One possible solution for update could be that if namespace is considered unique per Image/Well then script could proceed as normal, deleting/unlinking (see delete issues in https://github.com/openmicroscopy/design/issues/67) and creating new one
If the requirement is to only create an annotation for namespace 'xxxx' if an image/well doesn't already have an annotation in xxxx
regardless of whether it's up to date or not that should be easier to implement.
So going more to the details
o.org/omero/bulk_annotations
Modifying config as follow:
---
columns:
- name: Channels
include: yes
+ - name: Comment
+ include: yes
all of the existing openmicroscopy.org/omero/bulk_annotation
would need to be reviewed and updated with the respect of omitempty
flag. And the same if column is removed. That is simple usecase as there is always single AnnotationLink
The same use case but PK:
- group:
namespace: openmicroscopy.org/mapr/sirna
columns:
- name: siRNA Identifier
include: yes
+ omitempty: no
+ - name: siRNA Identifier
+ clientname: siRNA Pool Identifier
+ clientvalue: ""
+ include: yes
+ omitempty: no
There are 2 cases here:
Modifying config as follow:
- group:
namespace: openmicroscopy.org/mapr/gene
columns:
- name: Gene Identifier
include: yes
+ omitempty: no
- name: Gene Identifier
clientname: Gene Identifier URL
clientvalue: http://www.ensembl.org/id/{{ value|urlencode }}
include: yes
- name: Gene Symbol
include: yes
+ omitempty: no
I think this is simple as it would need to add whatever was missing.

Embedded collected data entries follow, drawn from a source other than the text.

(* Let $C\subseteq\mathbb{F}_q^n$ be a perfect code (binary or non-binary) with covering radius $\rho$. Then the set $C(\rho)$ of vectors at distance $\rho$ from $C$ has minimum distance $1$.
   Context: Hamming distance $d$; $d({\bf v},C)=\min_{{\bf x}\in C}d({\bf v},{\bf x})$; covering radius $\rho=\max_{\bf v}d({\bf v},C)$; $C(\rho)=\{{\bf v}\in\mathbb{F}_q^n: d({\bf v},C)=\rho\}$. For a code with minimum distance $d$, the packing radius is $e=\lfloor (d-1)/2\rfloor$; the code is perfect if $e=\rho$. Codes need not be linear. *)

From mathcomp Require Import all_boot all_order all_algebra.
Set Implicit Arguments. Unset Strict Implicit. Unset Printing Implicit Defensive.

Section Hamming.
Variables (F : finFieldType) (n : nat).

Definition hdist (x y : 'rV[F]_n) : nat := #|[set i : 'I_n | x ord0 i != y ord0 i]|.

(* Minimum distance of a set S of vectors: the minimum of hdist x y over
   distinct x, y in S (equals the default n.+1 if S has fewer than 2 elements). *)
Definition mindist (S : {set 'rV[F]_n}) : nat :=
  \big[minn/n.+1]_(x in S) \big[minn/n.+1]_(y in S | y != x) hdist x y.

Definition dist_to (C : {set 'rV[F]_n}) (v : 'rV[F]_n) : nat :=
  \big[minn/n.+1]_(x in C) hdist v x.

Definition covering_radius (C : {set 'rV[F]_n}) : nat :=
  \max_(v : 'rV[F]_n) dist_to C v.

Definition at_dist (C : {set 'rV[F]_n}) (r : nat) : {set 'rV[F]_n} :=
  [set v | dist_to C v == r].

Definition packing_radius (C : {set 'rV[F]_n}) : nat := (mindist C).-1./2.

Definition perfect (C : {set 'rV[F]_n}) : Prop :=
  packing_radius C = covering_radius C.

End Hamming.

From mathcomp Require Import all_boot all_order all_algebra.
From mathcomp Require Import zify.
Import Order.TTheory GRing.Theory.

Set Implicit Arguments.
Unset Strict Implicit.
Unset Printing Implicit Defensive.

(* Since [e = rho], distinct codewords are at distance at least [2 rho + 1].
   Flip the first [rho] coordinates of a codeword [c] to get [x], and the first
   [rho + 1] to get [y]; then [d(x, y) = 1].  Every other codeword is at distance
   at least [2 rho + 1 - (rho + 1) = rho] from [x] and [y], while [c] is at
   distance [rho] and [rho + 1]; as no vector is farther than [rho] from [C],
   both lie in [C(rho)]. *)

Section Hamming.
Variables (F : finFieldType) (n : nat).
Local Notation V := 'rV[F]_n.
Implicit Types (x y z c v : V) (S C : {set V}) (A B : {set 'I_n}).

Lemma hdist_sym x y : hdist x y = hdist y x.
Proof. by apply: eq_card => i; rewrite !inE eq_sym. Qed.

Lemma hdist_triangle x y z : hdist x z <= hdist x y + hdist y z.
Proof.
apply: leq_trans (leq_card_setU _ _); apply: subset_leq_card.
apply/subsetP => i; rewrite !inE; apply: contraR; rewrite negb_or !negbK.
by case/andP=> /eqP -> /eqP ->.
Qed.

Lemma hdist_le x y : hdist x y <= n.
Proof. by apply: leq_trans (max_card _) _; rewrite card_ord. Qed.

Lemma hdist_eq0 x y : (hdist x y == 0) = (x == y).
Proof.
rewrite cards_eq0; apply/eqP/eqP => [xy | ->]; last by apply/setP => i; rewrite !inE eqxx.
by apply/rowP => j; move/setP/(_ j): xy; rewrite !inE => /negbFE/eqP.
Qed.

Lemma mindist_le S x y : x \in S -> y \in S -> x != y -> mindist S <= hdist x y.
Proof.
move=> xS yS xy; rewrite /mindist -minEnat.
apply: leq_trans (@bigmin_le_cond _ nat _ _ x _ _ xS) _.
by apply: (@bigmin_le_cond _ nat); rewrite yS eq_sym.
Qed.

Lemma mindist_gt0 S : 0 < mindist S.
Proof.
rewrite /mindist -minEnat; apply: (@le_bigmin _ nat) => // x _.
apply: (@le_bigmin _ nat) => // y /andP[_ yx].
by rewrite leEnat lt0n hdist_eq0 eq_sym.
Qed.

Lemma mindist_eq1 S x y : x \in S -> y \in S -> hdist x y = 1 -> mindist S = 1.
Proof.
move=> xS yS dxy; have xy : x != y by rewrite -hdist_eq0 dxy.
by apply/eqP; rewrite eqn_leq mindist_gt0 -dxy mindist_le.
Qed.

Lemma dist_to_le_covering_radius C v : dist_to C v <= covering_radius C.
Proof. exact: leq_bigmax. Qed.

Lemma double_packing_radius_lt_mindist S : (packing_radius S).*2 < mindist S.
Proof.
rewrite /packing_radius -[X in _ < X](prednK (mindist_gt0 S)) ltnS.
by rewrite -[X in _ <= X](odd_double_half (mindist S).-1) leq_addl.
Qed.

Lemma perfect_hdist C x y : perfect C -> x \in C -> y \in C -> x != y ->
  (covering_radius C).*2 < hdist x y.
Proof.
move=> perfC xC yC xy; rewrite -perfC.
exact: leq_trans (double_packing_radius_lt_mindist C) (mindist_le xC yC xy).
Qed.

Lemma mem_at_dist_covering_radius C c v : perfect C -> c \in C ->
  covering_radius C <= hdist v c <= (covering_radius C).+1 ->
  v \in at_dist C (covering_radius C).
Proof.
set r := covering_radius C => perfC cC /andP[r_le r_ge].
rewrite inE eqn_leq dist_to_le_covering_radius /dist_to -minEnat.
apply: (@le_bigmin _ nat) => [|b bC]; rewrite leEnat.
  by rewrite (leq_trans r_le) // (leq_trans (hdist_le _ _)).
have [-> //|bc] := eqVneq b c.
have := perfect_hdist perfC bC cC bc; have := hdist_triangle b v c.
rewrite (hdist_sym b v) -addnn; lia.
Qed.

Definition shift_on c (A : {set 'I_n}) : V := \row_i (c ord0 i + (i \in A)%:R)%R.

Lemma hdist_shift_on c A B :
  hdist (shift_on c A) (shift_on c B) = #|[set i | (i \in A) != (i \in B)]|.
Proof.
apply: eq_card => i; rewrite !inE !mxE (inj_eq (addrI _)).
by case: (i \in A); case: (i \in B); rewrite ?eqxx // ?oner_eq0 // eq_sym oner_eq0.
Qed.

Lemma hdist_shift_on_set0 c A : hdist (shift_on c A) c = #|A|.
Proof.
have c0 : shift_on c set0 = c by apply/rowP => i; rewrite mxE in_set0 addr0.
by rewrite -{2}c0 hdist_shift_on; apply: eq_card => i; rewrite !inE; case: (i \in A).
Qed.

Lemma hdist_shift_on_setU1 c A i : i \notin A ->
  hdist (shift_on c A) (shift_on c (i |: A)) = 1.
Proof.
move=> iA; rewrite hdist_shift_on -(cards1 i); apply: eq_card => j.
by rewrite !inE; have [-> | _] := eqVneq j i; rewrite ?(negPf iA) ?eqxx.
Qed.

End Hamming.

Lemma card_ord_lt n (k : 'I_n) : #|[set i : 'I_n | i < k]| = k.
Proof.
have k_le_n := ltnW (ltn_ord k).
have -> : [set i : 'I_n | i < k] = widen_ord k_le_n @: [set: 'I_k].
  apply/setP => i; rewrite inE; apply/idP/imsetP => [ik | [j _ ->]]; last exact: (ltn_ord j).
  by exists (Ordinal ik) => //; apply: val_inj.
by rewrite card_imset ?cardsT ?card_ord // => i j /(congr1 val) /= /val_inj.
Qed.

Theorem lemma2p1 (F : finFieldType) (n : nat) (C : {set 'rV[F]_n}) :
  1 < #|C| -> perfect C ->
  mindist (at_dist C (covering_radius C)) = 1.
Proof.
move=> /card_gt1P[c [c' [cC c'C cc']]] perfC.
set r := covering_radius C.
have r_lt_n : r < n.
  have := perfect_hdist perfC cC c'C cc'; have := hdist_le c c'.
  rewrite -addnn; lia.
pose i := Ordinal r_lt_n; pose A := [set j : 'I_n | j < i].
have iA : i \notin A by rewrite inE ltnn.
have cardA : #|A| = r by rewrite card_ord_lt.
apply: (mindist_eq1 (x := shift_on c A) (y := shift_on c (i |: A))).
- apply: mem_at_dist_covering_radius perfC cC _.
  by rewrite hdist_shift_on_set0 cardA leqnn leqnSn.
- apply: mem_at_dist_covering_radius perfC cC _.
  by rewrite hdist_shift_on_set0 cardsU1 iA cardA leqnSn leqnn.
- exact: hdist_shift_on_setU1.
Qed.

Modifying config as follow:
---
columns:
- name: Channels
include: yes
- group:
namespace: openmicroscopy.org/mapr/sirna
columns:
- name: siRNA Identifier
include: yes
+ omitempty: no
+ split: ;
script would need to review and decide if map already exists delete or update? Perhaps depends if this is PK and Map is linked to multiple images or not
advanced:
ignore_missing_primary_key: yes
primary_group_keys:
- namespace: openmicroscopy.org/mapr/sirna
keys:
- siRNA Identifier
The same use case can be analyze in opposite way where split: ;
is removed from the config.
Updating cvs -> bulk_annotations, no changes to the config.
In general I think each map could be reviewed if PK is changing or not:
What happens if the primary key definition in one config file is changed? Ideally the primary keys should be defined in a global file but is there a short-term workaround? If we do implement global primary keys should it be possible to change the definition at all?
Existing implementation doesn't allow to define different PK for the same NS, so it looks like it should be global. It is very likely to get an exception https://github.com/openmicroscopy/openmicroscopy/blob/metadata52/components/tools/OmeroPy/src/omero/util/metadata_mapannotations.py#L218.
Would be sufficient to extend default config by adding primary_group_keys
and then inherit it in each individual study?
- default config - minimum predefiend by the plugin
- global config - any attributes that a common including columns,
- study config
We have to have a way of updating PKs otherwise fixing bugs as above won't be possible.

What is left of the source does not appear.